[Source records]
*** Block opens ***
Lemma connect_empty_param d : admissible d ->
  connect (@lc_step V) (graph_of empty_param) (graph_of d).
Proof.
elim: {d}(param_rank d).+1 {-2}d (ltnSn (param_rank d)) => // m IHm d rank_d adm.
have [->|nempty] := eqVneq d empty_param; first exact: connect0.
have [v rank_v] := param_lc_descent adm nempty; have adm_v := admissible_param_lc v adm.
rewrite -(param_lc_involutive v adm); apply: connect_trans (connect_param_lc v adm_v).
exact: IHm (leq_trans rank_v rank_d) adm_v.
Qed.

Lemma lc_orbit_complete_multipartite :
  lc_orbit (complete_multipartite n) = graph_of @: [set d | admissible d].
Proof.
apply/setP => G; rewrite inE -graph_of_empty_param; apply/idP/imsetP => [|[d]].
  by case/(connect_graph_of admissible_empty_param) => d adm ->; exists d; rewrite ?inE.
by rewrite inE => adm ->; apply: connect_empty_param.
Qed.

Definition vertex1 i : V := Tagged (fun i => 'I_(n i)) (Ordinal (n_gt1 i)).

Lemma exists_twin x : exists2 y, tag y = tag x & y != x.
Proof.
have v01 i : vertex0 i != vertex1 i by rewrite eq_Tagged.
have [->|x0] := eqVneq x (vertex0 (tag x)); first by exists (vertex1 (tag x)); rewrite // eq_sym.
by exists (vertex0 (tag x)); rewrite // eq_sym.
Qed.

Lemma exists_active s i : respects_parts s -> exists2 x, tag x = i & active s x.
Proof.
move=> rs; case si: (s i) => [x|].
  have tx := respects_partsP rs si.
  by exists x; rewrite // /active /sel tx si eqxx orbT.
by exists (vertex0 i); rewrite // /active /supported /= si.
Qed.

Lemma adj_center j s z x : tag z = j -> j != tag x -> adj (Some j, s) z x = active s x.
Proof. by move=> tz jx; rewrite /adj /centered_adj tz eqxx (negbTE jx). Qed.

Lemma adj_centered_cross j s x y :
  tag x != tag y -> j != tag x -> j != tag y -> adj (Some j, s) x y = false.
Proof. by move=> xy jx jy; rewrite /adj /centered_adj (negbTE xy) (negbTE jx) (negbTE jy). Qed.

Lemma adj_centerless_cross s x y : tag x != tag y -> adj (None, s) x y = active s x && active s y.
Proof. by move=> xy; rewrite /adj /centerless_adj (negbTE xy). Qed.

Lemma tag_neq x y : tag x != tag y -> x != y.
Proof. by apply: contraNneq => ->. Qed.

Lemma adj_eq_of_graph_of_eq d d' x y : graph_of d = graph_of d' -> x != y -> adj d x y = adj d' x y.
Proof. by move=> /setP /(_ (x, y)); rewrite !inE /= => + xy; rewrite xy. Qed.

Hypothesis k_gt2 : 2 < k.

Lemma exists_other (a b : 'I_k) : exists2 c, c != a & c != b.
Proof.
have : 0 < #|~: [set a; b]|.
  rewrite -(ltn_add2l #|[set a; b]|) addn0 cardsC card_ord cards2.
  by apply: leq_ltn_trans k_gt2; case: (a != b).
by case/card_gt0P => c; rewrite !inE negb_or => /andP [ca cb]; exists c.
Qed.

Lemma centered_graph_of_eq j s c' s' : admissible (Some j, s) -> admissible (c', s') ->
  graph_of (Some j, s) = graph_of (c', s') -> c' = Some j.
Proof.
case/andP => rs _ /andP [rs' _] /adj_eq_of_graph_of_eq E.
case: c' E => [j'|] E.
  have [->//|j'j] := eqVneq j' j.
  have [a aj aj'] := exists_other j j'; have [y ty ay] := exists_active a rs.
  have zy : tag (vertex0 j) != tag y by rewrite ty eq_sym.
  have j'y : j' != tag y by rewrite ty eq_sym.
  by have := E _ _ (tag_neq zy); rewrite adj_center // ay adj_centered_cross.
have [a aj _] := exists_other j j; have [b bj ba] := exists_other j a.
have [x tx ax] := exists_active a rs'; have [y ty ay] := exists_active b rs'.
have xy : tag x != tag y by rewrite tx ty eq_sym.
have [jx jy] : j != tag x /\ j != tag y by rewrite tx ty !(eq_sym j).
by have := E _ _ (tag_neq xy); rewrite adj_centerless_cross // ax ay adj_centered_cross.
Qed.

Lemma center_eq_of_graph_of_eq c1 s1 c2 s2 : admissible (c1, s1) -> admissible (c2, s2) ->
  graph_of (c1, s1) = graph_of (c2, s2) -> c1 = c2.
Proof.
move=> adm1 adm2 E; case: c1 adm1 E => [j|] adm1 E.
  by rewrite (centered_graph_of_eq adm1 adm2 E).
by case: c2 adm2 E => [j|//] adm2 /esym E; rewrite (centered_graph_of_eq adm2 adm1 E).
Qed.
*** Block closes ***
*** Block opens ***
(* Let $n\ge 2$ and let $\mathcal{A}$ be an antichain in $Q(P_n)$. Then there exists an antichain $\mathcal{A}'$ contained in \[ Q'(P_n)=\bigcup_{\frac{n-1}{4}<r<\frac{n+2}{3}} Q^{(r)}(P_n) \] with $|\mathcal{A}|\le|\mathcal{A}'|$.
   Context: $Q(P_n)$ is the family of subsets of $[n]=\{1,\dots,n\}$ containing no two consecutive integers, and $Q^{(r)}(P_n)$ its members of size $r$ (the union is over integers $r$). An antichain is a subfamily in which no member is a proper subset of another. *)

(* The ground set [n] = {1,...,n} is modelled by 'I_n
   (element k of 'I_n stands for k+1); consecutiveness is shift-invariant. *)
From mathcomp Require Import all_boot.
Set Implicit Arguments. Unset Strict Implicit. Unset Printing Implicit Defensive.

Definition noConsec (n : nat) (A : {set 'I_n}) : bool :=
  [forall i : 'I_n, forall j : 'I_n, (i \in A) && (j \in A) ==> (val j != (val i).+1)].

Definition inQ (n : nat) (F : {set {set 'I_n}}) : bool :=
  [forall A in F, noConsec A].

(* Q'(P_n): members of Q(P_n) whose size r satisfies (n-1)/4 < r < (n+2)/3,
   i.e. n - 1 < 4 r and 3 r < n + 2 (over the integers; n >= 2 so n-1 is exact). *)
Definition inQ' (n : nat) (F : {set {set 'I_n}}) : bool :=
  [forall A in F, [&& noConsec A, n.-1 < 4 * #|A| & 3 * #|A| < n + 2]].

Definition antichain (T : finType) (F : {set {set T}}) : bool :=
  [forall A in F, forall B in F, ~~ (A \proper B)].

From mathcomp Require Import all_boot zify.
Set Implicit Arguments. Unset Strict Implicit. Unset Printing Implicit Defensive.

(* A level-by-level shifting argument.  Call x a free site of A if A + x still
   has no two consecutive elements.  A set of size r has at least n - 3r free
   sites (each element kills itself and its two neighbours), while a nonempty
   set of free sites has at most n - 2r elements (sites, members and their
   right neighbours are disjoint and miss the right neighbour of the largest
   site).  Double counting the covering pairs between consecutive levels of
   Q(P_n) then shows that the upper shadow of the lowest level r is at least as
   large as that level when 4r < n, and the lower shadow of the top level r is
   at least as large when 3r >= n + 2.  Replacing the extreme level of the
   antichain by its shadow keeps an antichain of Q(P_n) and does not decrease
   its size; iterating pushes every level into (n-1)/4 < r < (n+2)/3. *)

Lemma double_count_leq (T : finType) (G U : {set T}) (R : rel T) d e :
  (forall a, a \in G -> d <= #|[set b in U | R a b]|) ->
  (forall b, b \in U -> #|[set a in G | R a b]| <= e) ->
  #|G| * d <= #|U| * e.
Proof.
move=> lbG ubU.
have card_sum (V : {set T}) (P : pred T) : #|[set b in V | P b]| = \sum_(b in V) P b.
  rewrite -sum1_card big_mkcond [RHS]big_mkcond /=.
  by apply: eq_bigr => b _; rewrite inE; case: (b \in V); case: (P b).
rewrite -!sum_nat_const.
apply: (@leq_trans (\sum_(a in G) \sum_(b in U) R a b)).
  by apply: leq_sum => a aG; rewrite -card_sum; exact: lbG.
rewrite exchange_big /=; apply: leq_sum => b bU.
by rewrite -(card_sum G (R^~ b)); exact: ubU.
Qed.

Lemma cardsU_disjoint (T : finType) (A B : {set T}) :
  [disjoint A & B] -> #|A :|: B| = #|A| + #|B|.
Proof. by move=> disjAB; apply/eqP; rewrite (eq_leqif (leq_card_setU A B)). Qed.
*** Block closes ***
- Directions -
From the records above, print exactly the lines that run from the line with "Lemma adj_centered_cross j" to the line with "case: c' E => [j'|] E.", inclusive.

- Result of this task -
Lemma adj_centered_cross j s x y :
  tag x != tag y -> j != tag x -> j != tag y -> adj (Some j, s) x y = false.
Proof. by move=> xy jx jy; rewrite /adj /centered_adj (negbTE xy) (negbTE jx) (negbTE jy). Qed.

Lemma adj_centerless_cross s x y : tag x != tag y -> adj (None, s) x y = active s x && active s y.
Proof. by move=> xy; rewrite /adj /centerless_adj (negbTE xy). Qed.

Lemma tag_neq x y : tag x != tag y -> x != y.
Proof. by apply: contraNneq => ->. Qed.

Lemma adj_eq_of_graph_of_eq d d' x y : graph_of d = graph_of d' -> x != y -> adj d x y = adj d' x y.
Proof. by move=> /setP /(_ (x, y)); rewrite !inE /= => + xy; rewrite xy. Qed.

Hypothesis k_gt2 : 2 < k.

Lemma exists_other (a b : 'I_k) : exists2 c, c != a & c != b.
Proof.
have : 0 < #|~: [set a; b]|.
  rewrite -(ltn_add2l #|[set a; b]|) addn0 cardsC card_ord cards2.
  by apply: leq_ltn_trans k_gt2; case: (a != b).
by case/card_gt0P => c; rewrite !inE negb_or => /andP [ca cb]; exists c.
Qed.

Lemma centered_graph_of_eq j s c' s' : admissible (Some j, s) -> admissible (c', s') ->
  graph_of (Some j, s) = graph_of (c', s') -> c' = Some j.
Proof.
case/andP => rs _ /andP [rs' _] /adj_eq_of_graph_of_eq E.
case: c' E => [j'|] E.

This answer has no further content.